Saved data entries
┏━━
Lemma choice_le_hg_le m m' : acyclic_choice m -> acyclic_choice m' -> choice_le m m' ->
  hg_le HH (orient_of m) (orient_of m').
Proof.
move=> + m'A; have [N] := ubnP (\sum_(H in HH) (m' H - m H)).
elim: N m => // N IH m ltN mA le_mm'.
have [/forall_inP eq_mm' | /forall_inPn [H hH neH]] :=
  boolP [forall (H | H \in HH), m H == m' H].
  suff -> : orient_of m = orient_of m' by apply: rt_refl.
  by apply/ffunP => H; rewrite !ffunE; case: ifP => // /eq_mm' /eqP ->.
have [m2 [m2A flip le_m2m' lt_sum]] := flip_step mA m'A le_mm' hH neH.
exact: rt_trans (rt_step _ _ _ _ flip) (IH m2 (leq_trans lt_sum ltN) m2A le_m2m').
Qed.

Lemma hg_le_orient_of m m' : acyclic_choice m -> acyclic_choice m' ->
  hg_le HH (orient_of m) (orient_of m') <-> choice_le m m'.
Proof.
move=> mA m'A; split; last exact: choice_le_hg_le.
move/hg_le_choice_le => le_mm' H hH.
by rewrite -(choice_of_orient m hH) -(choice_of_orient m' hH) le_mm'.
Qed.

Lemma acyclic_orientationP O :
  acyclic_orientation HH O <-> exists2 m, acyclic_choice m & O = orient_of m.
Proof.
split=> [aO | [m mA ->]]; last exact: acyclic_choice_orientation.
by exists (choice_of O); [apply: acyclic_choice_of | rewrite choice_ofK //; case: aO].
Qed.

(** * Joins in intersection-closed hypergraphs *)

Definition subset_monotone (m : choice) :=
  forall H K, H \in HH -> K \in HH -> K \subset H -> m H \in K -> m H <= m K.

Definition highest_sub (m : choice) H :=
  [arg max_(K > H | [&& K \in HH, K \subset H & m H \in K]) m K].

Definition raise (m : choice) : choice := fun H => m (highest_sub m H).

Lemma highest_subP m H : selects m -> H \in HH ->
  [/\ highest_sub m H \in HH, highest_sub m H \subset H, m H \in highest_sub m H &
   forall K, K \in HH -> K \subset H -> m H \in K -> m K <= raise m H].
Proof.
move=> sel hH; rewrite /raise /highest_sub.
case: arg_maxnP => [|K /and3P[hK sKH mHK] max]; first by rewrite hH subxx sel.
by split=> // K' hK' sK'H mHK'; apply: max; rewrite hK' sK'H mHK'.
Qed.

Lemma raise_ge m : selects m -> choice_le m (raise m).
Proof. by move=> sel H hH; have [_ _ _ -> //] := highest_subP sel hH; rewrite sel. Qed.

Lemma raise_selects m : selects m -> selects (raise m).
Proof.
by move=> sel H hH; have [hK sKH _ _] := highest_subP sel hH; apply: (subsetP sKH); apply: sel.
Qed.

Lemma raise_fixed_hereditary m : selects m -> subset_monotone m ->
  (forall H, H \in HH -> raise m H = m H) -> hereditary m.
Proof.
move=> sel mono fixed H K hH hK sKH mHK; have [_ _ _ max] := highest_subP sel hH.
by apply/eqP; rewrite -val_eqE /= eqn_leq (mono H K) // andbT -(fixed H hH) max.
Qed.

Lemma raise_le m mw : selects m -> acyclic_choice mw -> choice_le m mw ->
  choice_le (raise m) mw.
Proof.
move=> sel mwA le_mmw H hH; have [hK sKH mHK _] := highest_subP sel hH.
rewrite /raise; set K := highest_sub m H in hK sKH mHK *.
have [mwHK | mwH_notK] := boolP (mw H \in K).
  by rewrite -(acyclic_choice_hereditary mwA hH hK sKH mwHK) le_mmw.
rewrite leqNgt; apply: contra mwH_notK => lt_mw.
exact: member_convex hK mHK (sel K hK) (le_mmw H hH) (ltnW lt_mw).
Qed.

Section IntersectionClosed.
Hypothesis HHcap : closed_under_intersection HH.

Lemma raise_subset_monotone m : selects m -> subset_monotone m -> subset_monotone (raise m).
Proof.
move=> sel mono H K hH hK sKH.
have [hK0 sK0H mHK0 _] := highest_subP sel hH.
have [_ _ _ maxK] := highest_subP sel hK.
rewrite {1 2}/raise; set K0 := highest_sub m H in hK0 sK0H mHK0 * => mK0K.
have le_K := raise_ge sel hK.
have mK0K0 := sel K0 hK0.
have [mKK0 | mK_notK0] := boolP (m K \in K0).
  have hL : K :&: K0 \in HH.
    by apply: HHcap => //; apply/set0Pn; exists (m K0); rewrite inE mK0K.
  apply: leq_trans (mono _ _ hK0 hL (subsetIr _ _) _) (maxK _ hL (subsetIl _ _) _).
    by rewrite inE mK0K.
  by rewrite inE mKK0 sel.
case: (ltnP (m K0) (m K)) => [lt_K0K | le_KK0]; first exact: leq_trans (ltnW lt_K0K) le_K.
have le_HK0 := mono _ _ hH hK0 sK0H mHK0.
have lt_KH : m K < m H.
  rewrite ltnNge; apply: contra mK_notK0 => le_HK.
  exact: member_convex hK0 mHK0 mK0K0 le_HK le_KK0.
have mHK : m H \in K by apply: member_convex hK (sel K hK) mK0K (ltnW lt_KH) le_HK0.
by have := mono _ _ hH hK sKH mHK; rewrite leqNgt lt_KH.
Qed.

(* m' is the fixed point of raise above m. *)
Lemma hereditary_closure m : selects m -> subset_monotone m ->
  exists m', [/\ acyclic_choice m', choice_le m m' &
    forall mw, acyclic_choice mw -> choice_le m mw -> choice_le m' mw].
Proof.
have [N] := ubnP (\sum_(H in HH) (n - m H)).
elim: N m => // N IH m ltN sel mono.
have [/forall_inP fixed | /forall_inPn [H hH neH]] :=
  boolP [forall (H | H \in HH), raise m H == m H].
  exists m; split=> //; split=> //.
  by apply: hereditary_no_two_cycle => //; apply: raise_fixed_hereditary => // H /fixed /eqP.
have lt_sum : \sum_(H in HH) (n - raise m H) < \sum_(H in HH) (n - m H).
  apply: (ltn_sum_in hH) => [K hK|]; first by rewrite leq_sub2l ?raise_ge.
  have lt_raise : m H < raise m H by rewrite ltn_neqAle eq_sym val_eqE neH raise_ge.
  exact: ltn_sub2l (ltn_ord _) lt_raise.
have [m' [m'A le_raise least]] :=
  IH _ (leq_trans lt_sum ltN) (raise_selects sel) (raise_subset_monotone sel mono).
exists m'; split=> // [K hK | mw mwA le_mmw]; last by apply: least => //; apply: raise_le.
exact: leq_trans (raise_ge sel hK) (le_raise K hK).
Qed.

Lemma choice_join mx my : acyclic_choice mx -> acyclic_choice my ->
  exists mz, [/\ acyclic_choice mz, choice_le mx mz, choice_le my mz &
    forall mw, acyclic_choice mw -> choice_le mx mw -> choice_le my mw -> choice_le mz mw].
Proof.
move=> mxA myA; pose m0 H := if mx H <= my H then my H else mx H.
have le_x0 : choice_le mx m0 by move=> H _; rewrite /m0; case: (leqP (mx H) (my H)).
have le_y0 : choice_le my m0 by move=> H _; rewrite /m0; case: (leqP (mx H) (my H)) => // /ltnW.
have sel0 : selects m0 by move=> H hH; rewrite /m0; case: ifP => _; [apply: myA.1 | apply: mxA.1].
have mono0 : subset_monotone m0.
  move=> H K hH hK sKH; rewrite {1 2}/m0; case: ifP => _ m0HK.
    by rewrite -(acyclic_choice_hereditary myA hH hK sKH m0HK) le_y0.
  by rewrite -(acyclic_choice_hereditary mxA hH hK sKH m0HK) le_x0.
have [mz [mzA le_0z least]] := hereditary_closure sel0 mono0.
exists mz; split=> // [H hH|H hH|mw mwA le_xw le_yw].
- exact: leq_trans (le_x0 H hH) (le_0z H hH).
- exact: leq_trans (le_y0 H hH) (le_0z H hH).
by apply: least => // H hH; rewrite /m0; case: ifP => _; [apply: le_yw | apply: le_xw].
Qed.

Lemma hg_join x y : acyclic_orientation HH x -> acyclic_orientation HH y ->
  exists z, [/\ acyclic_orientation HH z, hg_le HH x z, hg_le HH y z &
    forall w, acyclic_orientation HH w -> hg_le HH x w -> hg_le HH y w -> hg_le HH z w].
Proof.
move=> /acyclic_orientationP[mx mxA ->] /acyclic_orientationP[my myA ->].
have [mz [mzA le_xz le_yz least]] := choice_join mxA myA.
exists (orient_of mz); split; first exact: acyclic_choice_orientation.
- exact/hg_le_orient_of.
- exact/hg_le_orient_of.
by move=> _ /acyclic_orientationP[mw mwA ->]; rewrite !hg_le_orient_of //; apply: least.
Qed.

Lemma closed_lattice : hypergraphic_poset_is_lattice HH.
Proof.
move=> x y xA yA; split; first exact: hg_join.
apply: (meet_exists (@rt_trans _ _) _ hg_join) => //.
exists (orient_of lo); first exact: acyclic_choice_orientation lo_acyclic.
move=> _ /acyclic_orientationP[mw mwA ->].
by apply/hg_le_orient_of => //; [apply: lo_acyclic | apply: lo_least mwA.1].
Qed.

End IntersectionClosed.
┗━━
┏━━
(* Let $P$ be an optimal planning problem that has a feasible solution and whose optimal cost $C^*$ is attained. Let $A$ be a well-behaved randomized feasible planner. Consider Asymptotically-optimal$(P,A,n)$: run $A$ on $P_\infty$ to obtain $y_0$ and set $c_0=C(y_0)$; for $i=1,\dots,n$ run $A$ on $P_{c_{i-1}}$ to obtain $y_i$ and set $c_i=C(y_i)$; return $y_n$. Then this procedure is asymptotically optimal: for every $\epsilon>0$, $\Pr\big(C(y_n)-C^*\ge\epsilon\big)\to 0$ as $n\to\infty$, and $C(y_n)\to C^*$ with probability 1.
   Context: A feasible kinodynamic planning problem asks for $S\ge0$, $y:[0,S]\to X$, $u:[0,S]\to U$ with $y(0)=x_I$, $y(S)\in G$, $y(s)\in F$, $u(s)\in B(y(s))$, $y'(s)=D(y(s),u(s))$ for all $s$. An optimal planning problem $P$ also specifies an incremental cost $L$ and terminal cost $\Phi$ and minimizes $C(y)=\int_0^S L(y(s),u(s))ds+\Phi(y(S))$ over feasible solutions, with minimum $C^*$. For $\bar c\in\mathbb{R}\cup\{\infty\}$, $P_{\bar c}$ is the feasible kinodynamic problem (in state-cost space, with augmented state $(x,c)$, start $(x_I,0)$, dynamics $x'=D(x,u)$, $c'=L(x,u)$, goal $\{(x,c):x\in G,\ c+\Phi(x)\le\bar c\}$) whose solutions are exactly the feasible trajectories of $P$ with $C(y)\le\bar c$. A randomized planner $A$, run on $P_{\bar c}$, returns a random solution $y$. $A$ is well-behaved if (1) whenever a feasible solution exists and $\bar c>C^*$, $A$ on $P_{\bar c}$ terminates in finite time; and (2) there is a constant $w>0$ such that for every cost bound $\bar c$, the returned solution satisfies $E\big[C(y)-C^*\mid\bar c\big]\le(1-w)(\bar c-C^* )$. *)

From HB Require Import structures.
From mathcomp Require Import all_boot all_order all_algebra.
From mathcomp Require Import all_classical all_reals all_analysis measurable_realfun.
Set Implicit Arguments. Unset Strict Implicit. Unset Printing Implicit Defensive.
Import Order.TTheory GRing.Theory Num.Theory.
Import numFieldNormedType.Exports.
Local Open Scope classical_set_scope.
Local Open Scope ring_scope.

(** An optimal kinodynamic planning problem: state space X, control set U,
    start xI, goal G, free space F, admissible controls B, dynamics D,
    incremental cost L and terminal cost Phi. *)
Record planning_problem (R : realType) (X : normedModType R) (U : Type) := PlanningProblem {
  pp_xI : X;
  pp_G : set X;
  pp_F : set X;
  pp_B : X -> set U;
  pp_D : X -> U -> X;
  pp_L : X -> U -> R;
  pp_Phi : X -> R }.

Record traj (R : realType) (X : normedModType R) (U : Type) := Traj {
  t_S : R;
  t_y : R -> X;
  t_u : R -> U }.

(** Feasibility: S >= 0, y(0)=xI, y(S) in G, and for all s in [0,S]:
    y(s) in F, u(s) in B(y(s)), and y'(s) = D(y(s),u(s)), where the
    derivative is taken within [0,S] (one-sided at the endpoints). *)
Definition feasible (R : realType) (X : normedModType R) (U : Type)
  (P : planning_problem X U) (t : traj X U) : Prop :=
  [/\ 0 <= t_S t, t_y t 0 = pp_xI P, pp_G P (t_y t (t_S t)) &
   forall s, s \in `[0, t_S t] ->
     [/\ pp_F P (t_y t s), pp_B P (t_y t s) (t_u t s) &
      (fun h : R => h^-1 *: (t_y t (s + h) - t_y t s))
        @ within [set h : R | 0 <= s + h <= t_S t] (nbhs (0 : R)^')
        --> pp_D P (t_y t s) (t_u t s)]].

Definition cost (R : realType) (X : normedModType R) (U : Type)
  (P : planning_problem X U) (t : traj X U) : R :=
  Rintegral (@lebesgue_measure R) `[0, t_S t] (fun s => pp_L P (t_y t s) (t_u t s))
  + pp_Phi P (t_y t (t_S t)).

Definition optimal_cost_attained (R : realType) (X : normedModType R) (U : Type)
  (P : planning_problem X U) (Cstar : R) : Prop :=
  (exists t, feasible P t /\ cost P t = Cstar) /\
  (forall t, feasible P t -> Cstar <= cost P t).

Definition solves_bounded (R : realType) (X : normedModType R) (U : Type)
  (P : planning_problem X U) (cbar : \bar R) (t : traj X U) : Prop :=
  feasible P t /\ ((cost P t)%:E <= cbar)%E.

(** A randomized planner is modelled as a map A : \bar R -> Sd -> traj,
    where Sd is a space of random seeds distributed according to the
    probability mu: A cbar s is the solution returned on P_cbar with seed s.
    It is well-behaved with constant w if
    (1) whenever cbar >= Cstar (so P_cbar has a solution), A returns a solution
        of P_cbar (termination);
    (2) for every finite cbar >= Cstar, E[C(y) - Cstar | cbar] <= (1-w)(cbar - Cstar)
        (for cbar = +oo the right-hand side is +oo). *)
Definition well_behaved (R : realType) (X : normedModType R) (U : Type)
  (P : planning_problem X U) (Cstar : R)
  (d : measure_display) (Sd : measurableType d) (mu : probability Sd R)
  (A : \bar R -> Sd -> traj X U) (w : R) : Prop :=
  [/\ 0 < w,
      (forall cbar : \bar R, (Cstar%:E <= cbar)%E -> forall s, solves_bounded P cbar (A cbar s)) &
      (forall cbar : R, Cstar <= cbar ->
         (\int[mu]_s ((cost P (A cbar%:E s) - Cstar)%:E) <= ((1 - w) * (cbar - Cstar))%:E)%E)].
┗━━
- [What needs to be done]
Set down, unchanged, only those lines above that fall between the line with "Lemma choice_le_hg_le m" and the line with "have [m2 [m2A", the two end lines included.

- [Written response]
Lemma choice_le_hg_le m m' : acyclic_choice m -> acyclic_choice m' -> choice_le m m' ->
  hg_le HH (orient_of m) (orient_of m').
Proof.
move=> + m'A; have [N] := ubnP (\sum_(H in HH) (m' H - m H)).
elim: N m => // N IH m ltN mA le_mm'.
have [/forall_inP eq_mm' | /forall_inPn [H hH neH]] :=
  boolP [forall (H | H \in HH), m H == m' H].
  suff -> : orient_of m = orient_of m' by apply: rt_refl.
  by apply/ffunP => H; rewrite !ffunE; case: ifP => // /eq_mm' /eqP ->.
have [m2 [m2A flip le_m2m' lt_sum]] := flip_step mA m'A le_mm' hH neH.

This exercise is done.